Finally, we can actually fit the model! We’ll record the ELBO loss and the MAE over the course of training, and also evaluate the model on held-out validation data each epoch. When evaluating the model, however, we won’t sample from the variational posterior distributions, but will just use the maximum a posteriori estimates of the parameter values (the means of the variational distributions).

# Fit the model
elbo1 = np.zeros(EPOCHS)
mae1 = np.zeros(EPOCHS)
for epoch in range(EPOCHS):
    
    # Update weights each batch
    for x_data, y_data in data_train:
        elbo1[epoch] += train_step(x_data, y_data)
        
    # Evaluate performance on validation data
    for x_data, y_data in data_val:
        y_pred = model1(x_data, sampling=False)[:, 0]
        mae1[epoch] = mean_absolute_error(y_pred, y_data)
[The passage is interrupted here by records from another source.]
(* In the setting below, consider any maximal collection of pairwise disjoint $(\ell+1)$-cycles in $X_1\times\dots\times X_\ell\times Y$ (i.e. tuples $(x_1,\dots,x_\ell,y)$ with $x_i\in X_i$, $y\in Y$, $x_1+\dots+x_\ell+y=0$, pairwise differing in every coordinate), and let $t$ be its size. Then $t\geq\frac{r}{2k\theta}N$.
   Context: Let $p$ be a fixed prime, $n\geq1$, $N=p^n$, $[m]=\{1,\dots,m\}$. For sets $X_1,\dots,X_k\subseteq\mathbb{F}_p^n$, a $k$-cycle is a tuple $(x_1,\dots,x_k)\in X_1\times\dots\times X_k$ with $x_1+\dots+x_k=0$; two cycles are disjoint if they differ in every coordinate. Setting: $k\geq4$, $X_1,\dots,X_k\subseteq\mathbb{F}_p^n$, the number of $k$-cycles in $X_1\times\dots\times X_k$ equals $\delta'N^{k-1}$ with $\delta'>0$, and $\theta\geq 1$ is such that for each $i\in[k]$ every point of $X_i$ occurs as $x_i$ in at most $\theta\delta'N^{k-2}$ $k$-cycles. Put $\alpha=(\theta\delta')^{1/(k-2)}$. For $I\subseteq[k]$ with $1\leq|I|\leq k-2$, an $I$-tuple $(x_i)_{i\in I}\in\prod_{i\in I}X_i$ is bad if at least $2\alpha^{k-|I|-1}N^{k-|I|-1}$ $k$-cycles in $X_1\times\dots\times X_k$ have their $I$-coordinates equal to it. Let $2\leq\ell\leq k-2$ and $0<r<1$. Let $M$ be a collection of $k$-cycles with $|M|\geq r\delta'N^{k-1}$ such that (i) every $(x_1,\dots,x_\ell)\in X_1\times\dots\times X_\ell$ extends to at most $2\alpha^{k-\ell-1}N^{k-\ell-1}$ $k$-cycles in $M$, and (ii) for every $(x_1,\dots,x_k)\in M$ the $\{\ell+1,\dots,k\}$-tuple $(x_{\ell+1},\dots,x_k)$ is not bad. Let $Y$ be the set of $y\in\mathbb{F}_p^n$ such that the equation $x_1+\dots+x_\ell=-y$ has at most $2\alpha^{\ell-1}N^{\ell-1}$ solutions $(x_1,\dots,x_\ell)\in X_1\times\dots\times X_\ell$. *)

From HB Require Import structures.
From mathcomp Require Import all_boot all_order all_algebra.
Set Implicit Arguments. Unset Strict Implicit. Unset Printing Implicit Defensive.
Import Order.TTheory GRing.Theory Num.Theory.
Local Open Scope ring_scope.

Notation Vp p n := 'rV['F_p]_n.

(* Families of sets are indexed by nat, 0-based: X 0, ..., X (m-1) play the
   role of X_1, ..., X_m. *)

Definition cycles (V : finZmodType) (m : nat) (X : nat -> {set V})
  : {set {ffun 'I_m -> V}} :=
  [set x : {ffun 'I_m -> V} | [forall i : 'I_m, x i \in X (nat_of_ord i)]
                              && (\sum_(i < m) x i == 0)].

Definition disjoint_cycles (V : finType) (m : nat) (x y : {ffun 'I_m -> V}) :=
  forall i : 'I_m, x i != y i.

Definition pairwise_disjoint (V : finType) (m : nat) (T : {set {ffun 'I_m -> V}}) :=
  forall x y, x \in T -> y \in T -> x != y -> disjoint_cycles x y.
Let’s take a look at the loss and error over the course of training:

# Plot the ELBO loss
plt.plot(elbo1)
plt.xlabel('Epoch')
plt.ylabel('ELBO Loss')
plt.show()

svg

# Plot validation error over training
plt.plot(mae1)
plt.xlabel('Epoch')
plt.ylabel('Mean Absolute Error')
plt.show()

svg

The Bayesian network does pretty well, about as well as the non-Bayesian network!

However, there’s one problem with the model: it assumes a constant level of uncertainty. That is, the standard deviation parameter doesn’t change depending on the input data - it’s just fit to model the average level of uncertainty. To fix that problem, and create a network which more dynamically updates its uncertainty estimates, we’ll build a dual-headed Bayesian network which predicts both the mean and the standard deviation of the predictive distribution.
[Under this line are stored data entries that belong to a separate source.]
(* Let $t\ge1$ and let $\mathcal{C}_0\subseteq S^\ell$ be a code of length $\ell$ over a set $S$ of size $s$, with dual distance $t+2\le\ell$ and no repeated codewords. Let $\mathcal{T}_{\mathcal{C}_0}=(X,\mathcal{B},\mathcal{G})$ be its associated design and $q$ a prime power. Then the query distribution $\mathcal{Q}$ on $\mathcal{T}_{\mathcal{C}_0}$ (defined in the context) is $t$-private: for every $T\subseteq[1,\ell]$ with $|T|\le t$ and all $i,i'\in X$, the tuples $(\mathcal{Q}(i)_j)_{j\in T}$ and $(\mathcal{Q}(i')_j)_{j\in T}$ have the same distribution; and for every $u\in\mathrm{IC}_q(\mathcal{C}_0)$ and every outcome, $u_i=-\sum_{j\ne j^*(i)}u_{\mathcal{Q}(i)_j}$.
   Context: $\mathcal{T}_{\mathcal{C}_0}$: points $X=S\times[1,\ell]$, groups $G_j=S\times\{j\}$ ($1\le j\le\ell$), blocks $B_c=\{(c_j,j):1\le j\le\ell\}$ for $c\in\mathcal{C}_0$. $\mathrm{IC}_q(\mathcal{C}_0)=\{u\in\mathbb{F}_q^X:\sum_{x\in B_c}u_x=0\ \forall c\in\mathcal{C}_0\}$. Dual distance (Delsarte): with $A_i=\frac{1}{|\mathcal{C}_0|}\#\{(c,c')\in\mathcal{C}_0^2:d(c,c')=i\}$ and $B_k=\frac{1}{|\mathcal{C}_0|}\sum_{i=0}^\ell A_iK_k(i)$, where $K_k(i)=\sum_{j}(-1)^j(s-1)^{k-j}\binom{i}{j}\binom{\ell-i}{k-j}$, the dual distance is the least $k\ge1$ with $B_k\ne0$; for a linear code it equals the minimum distance of the dual code. Query distribution: for $i\in X$ let $j^*=j^*(i)$ be the index with $i\in G_{j^*}$, $\mathcal{B}_i$ the set of blocks containing $i$; choose $B$ uniformly in $\mathcal{B}_i$ and independently $\mathcal{Q}(i)_{j^*}$ uniformly in $G_{j^*}$; for $j\ne j^*$, $\mathcal{Q}(i)_j$ is the unique element of $B\cap G_j$. *)

From HB Require Import structures.
From mathcomp Require Import all_boot all_order all_algebra all_field.
Set Implicit Arguments. Unset Strict Implicit. Unset Printing Implicit Defensive.
Import Order.TTheory GRing.Theory Num.Theory.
Dual-headed Bayesian Density Network

To allow our Bayesian network to predict both the value of the target and the uncertainty as to that value, we’ll give the network two “heads”, or endpoints of the network. One head will predict the mean of the predictive distribution (the network’s best guess), while the other head will predict the standard deviation of the predictive distribution (how much uncertainty is behind that guess).

Dual headed net

Having defined the BayesianDenseNetwork class (in the previous section), it’s relatively easy to define another class which implements the dual-headed Bayesian density network: we can just define a core network consisting of several layers, and then two sub-networks which receive the output of the core network and output independent predictions. The output of one network we’ll use as the mean predictions, and the output of the other as the standard deviation predictions.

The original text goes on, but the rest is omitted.